Guest opinion: Summit County voters must support arts and culture at the ballot box
The reauthorization of the RAP Tax will be on the November ballot as Proposition 21. Every Summit County voter must become aware of Prop 21, be knowledgeable about the RAP Tax and understand the importance to Summit County.
The RAP (recreation, arts, & parks) Tax is a 0.10% (one-tenth of a cent) local non-food sales-and-use tax, which residents of Summit County have levied on themselves to support nonprofit cultural and botanical organizations and to improve publicly owned recreational facilities and parks that are in or operate within Summit County. Actually, tourist spending accounts for over half of the money generated, while 100% of it is used directly for the benefit of Summit County residents. The money is split 50/50 between allocations for culture and allocations for recreation. This is not a new tax but a 10-year continuation of an old one. The RAP Tax was first initiated in 2000, renewed in 2010 and is up for reauthorization this year. With each election, a 10-year sunset has been placed on the tax, which means that the RAP Tax will expire at the end of 2020 unless the voters approve it again this year.
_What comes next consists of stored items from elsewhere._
(* For every theory $\Sigma$ and every formula $A \Rightarrow B$: $\Sigma \vdash A \Rightarrow B$ if and only if $\Sigma \models A \Rightarrow B$.
   Context: $Y$ is a non-empty finite set of attributes and $\mathcal{T}_Y = \{y^i \mid y \in Y, i \in \mathbb{Z}\}$; $M + j = \{y^{i+j} \mid y^i \in M\}$. A formula is $A \Rightarrow B$ with $A,B$ finite subsets of $\mathcal{T}_Y$; $M \models A \Rightarrow B$ means that for every $i \in \mathbb{Z}$, $A+i \subseteq M$ implies $B+i \subseteq M$; $\Sigma \models A \Rightarrow B$ means $A \Rightarrow B$ is true in every $M \subseteq \mathcal{T}_Y$ in which all formulas of the theory $\Sigma$ are true. Deduction rules (for arbitrary finite $A,B,C,D \subseteq \mathcal{T}_Y$, $i \in \mathbb{Z}$): (Ax) infer $A \cup B \Rightarrow A$; (Cut) from $A \Rightarrow B$ and $B \cup C \Rightarrow D$ infer $A \cup C \Rightarrow D$; (Shf) from $A \Rightarrow B$ infer $A+i \Rightarrow B+i$. $\Sigma \vdash A \Rightarrow B$ means there is a finite sequence of formulas ending with $A \Rightarrow B$ in which each member is in $\Sigma$ or is the conclusion of one of these rules applied to earlier members. *)

From mathcomp Require Import all_boot all_algebra.
From mathcomp Require Import finmap.
Set Implicit Arguments. Unset Strict Implicit. Unset Printing Implicit Defensive.
Local Open Scope fset_scope.

(* Terms T_Y = { y^i | y in Y, i in Z }, represented as pairs (y, i). *)
Definition term (Y : finType) := (Y * int)%type.

Definition shift (Y : finType) (A : {fset term Y}) (j : int) : {fset term Y} :=
  [fset ((x.1, (x.2 + j)%R) : term Y) | x in A].

Record formula (Y : finType) := Formula { lhs : {fset term Y}; rhs : {fset term Y} }.

(* Arbitrary (possibly infinite) subsets M of T_Y. *)
Definition tset (Y : finType) := term Y -> Prop.

Definition fsub (Y : finType) (A : {fset term Y}) (M : tset Y) : Prop :=
  forall t, t \in A -> M t.

Definition holds (Y : finType) (M : tset Y) (f : formula Y) : Prop :=
  forall i : int, fsub (shift (lhs f) i) M -> fsub (shift (rhs f) i) M.

Definition entails (Y : finType) (Sigma : formula Y -> Prop) (f : formula Y) : Prop :=
  forall M : tset Y, (forall g, Sigma g -> holds M g) -> holds M f.

Inductive provable (Y : finType) (Sigma : formula Y -> Prop) : formula Y -> Prop :=
  | pr_hyp f : Sigma f -> provable Sigma f
  | pr_ax (A B : {fset term Y}) : provable Sigma (Formula (A `|` B) A)
  | pr_cut (A B C D : {fset term Y}) :
      provable Sigma (Formula A B) -> provable Sigma (Formula (B `|` C) D) ->
      provable Sigma (Formula (A `|` C) D)
  | pr_shf (A B : {fset term Y}) (i : int) :
      provable Sigma (Formula A B) -> provable Sigma (Formula (shift A i) (shift B i)).

From Pilot Require Import Defs.
From mathcomp Require Import all_boot all_algebra.
From mathcomp Require Import finmap.
Set Implicit Arguments. Unset Strict Implicit. Unset Printing Implicit Defensive.
Import GRing.Theory.
Local Open Scope fset_scope.

(* Soundness is a routine check that each rule preserves truth in every model.
   For completeness, take as model the set of all terms t with
   Sigma |- A => {t}: it satisfies Sigma (by Shf and Cut) and contains A
   (by Ax), so entailment puts B in it, and the singleton conclusions
   A => {t}, t in B, combine into A => B. *)

Section Shift.
Variable Y : finType.
Implicit Types (A B : {fset term Y}) (M : tset Y).

Lemma in_shift A i (t : term Y) : (t \in shift A i) = ((t.1, t.2 - i)%R \in A).
Proof.
apply/imfsetP/idP => [[[y k] kA ->]|tA]; first by rewrite /= addrK.
by exists (t.1, t.2 - i)%R; rewrite //= subrK; case: t {tA}.
Qed.

Lemma shift0 A : shift A 0 = A.
Proof. by apply/fsetP => t; rewrite in_shift subr0; case: t. Qed.

Lemma shiftU A B i : shift (A `|` B) i = shift A i `|` shift B i.
Proof. exact: imfsetU. Qed.

Lemma shiftD A i j : shift (shift A i) j = shift A (i + j)%R.
Proof. by apply/fsetP => t; rewrite !in_shift /= (addrC i j) opprD addrA. Qed.

(* [Defs.fsub] is qualified because finmap also exports an [fsub]. *)
Lemma fsub_fsetU A B M : Defs.fsub (A `|` B) M <-> Defs.fsub A M /\ Defs.fsub B M.
Proof.
split => [sub|[subA subB] t]; last by rewrite in_fsetU => /orP[/subA|/subB].
by split => t tX; apply: sub; rewrite in_fsetU tX ?orbT.
Qed.

End Shift.

Section Soundness.
Variables (Y : finType) (Sigma : formula Y -> Prop).

Lemma provable_sound f : provable Sigma f -> entails Sigma f.
Proof.
elim=> {f} [f Sf | A B | A B C D _ AB _ BCD | A B i _ AB] M MSigma j /=.
- exact: MSigma.
- by rewrite shiftU => /fsub_fsetU[].
- rewrite !shiftU => /fsub_fsetU[MA MC].
  apply: (BCD M MSigma j); rewrite shiftU; apply/fsub_fsetU.
  by split=> //; apply: (AB M MSigma j).
- by rewrite !shiftD; apply: AB.
Qed.

End Soundness.

Section DerivedRules.
Variables (Y : finType) (Sigma : formula Y -> Prop).
Notation "A |- B" := (provable Sigma (Formula A B)) (at level 70).
Implicit Types A B C : {fset term Y}.

Lemma provable_refl A : A |- A.
Proof. by have := pr_ax Sigma A A; rewrite fsetUid. Qed.

Lemma provable_trans A B C : A |- B -> B |- C -> A |- C.
Proof. by move=> AB BC; have := pr_cut AB (C := fset0); rewrite !fsetU0; apply. Qed.

Lemma provable_subset A B C : A |- B -> C `<=` B -> A |- C.
Proof.
move=> AB /fsetUidPr CB; apply: provable_trans AB _.
by rewrite -CB; apply: pr_ax.
Qed.

Lemma provable_fset0 A : A |- fset0.
Proof. exact: provable_subset (provable_refl A) (fsub0set A). Qed.

Lemma provable_fsetU A B C : A |- B -> A |- C -> A |- B `|` C.
Proof.
move=> AB AC.
have ACA : A |- C `|` A.
  by rewrite -{1}[A]fsetUid; apply: pr_cut AC (provable_refl _).
have CAB : C `|` A |- B `|` C by rewrite fsetUC; apply: pr_cut AB (provable_refl _).
exact: provable_trans ACA CAB.
Qed.

Lemma provable_points A B : (forall t, t \in B -> A |- [fset t]) -> A |- B.
Proof.
elim/fset1U_rect: B => [_|t B _ IH tB]; first exact: provable_fset0.
apply: provable_fsetU; first by apply: tB; rewrite fset1U1.
by apply: IH => u uB; apply: tB; rewrite fset1Ur.
Qed.

Lemma provable_point A B t : A |- B -> t \in B -> A |- [fset t].
Proof. by move=> AB tB; apply: provable_subset AB _; rewrite fsub1set. Qed.

End DerivedRules.

Section Completeness.
Variables (Y : finType) (Sigma : formula Y -> Prop) (A : {fset term Y}).

Definition consequences : tset Y := fun t => provable Sigma (Formula A [fset t]).

Lemma consequences_fsub B :
  Defs.fsub B consequences <-> provable Sigma (Formula A B).
Proof.
split; first exact: provable_points.
by move=> AB t; apply: provable_point.
Qed.

Lemma consequences_model g : Sigma g -> holds consequences g.
Proof.
case: g => C D Sg i /=; rewrite !consequences_fsub => AC.
by apply: provable_trans AC (pr_shf i (pr_hyp Sg)).
Qed.

Lemma provable_complete B :
  entails Sigma (Formula A B) -> provable Sigma (Formula A B).
Proof.
move=> AB; have := AB consequences consequences_model 0%R.
by rewrite /= !shift0 !consequences_fsub; apply; apply: provable_refl.
Qed.

End Completeness.

Theorem theorem7 (Y : finType) (hY : 0 < #|Y|) (Sigma : formula Y -> Prop)
    (A B : {fset term Y}) :
  provable Sigma (Formula A B) <-> entails Sigma (Formula A B).
Proof.
split; [exact: provable_sound | exact: provable_complete].
Qed.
I want to discuss the cultural part of RAP Tax. We in Summit County are blessed to have so many cultural institutions right here in our community. They entertain us, they educate us. The depth, breadth and quality of these organizations and their offerings is what makes Summit County an incredible place to call home, draws in visitors and distinguishes Summit County from other “recreational tourist areas.” How many areas of comparable size have 1) four different museums (art; snow sports and snow; environment and nature; local history and Smithsonian exhibits) 2) performance and/or music almost every day of the year 3) an arts festival 4) an international film festival 5) an art house cinema 6) an eco-center 7) an art center 8) a ballet academy of a renowned ballet company 9) access to a top symphony orchestra 10) a weekly summer market with music and performances 11) and a local public radio station.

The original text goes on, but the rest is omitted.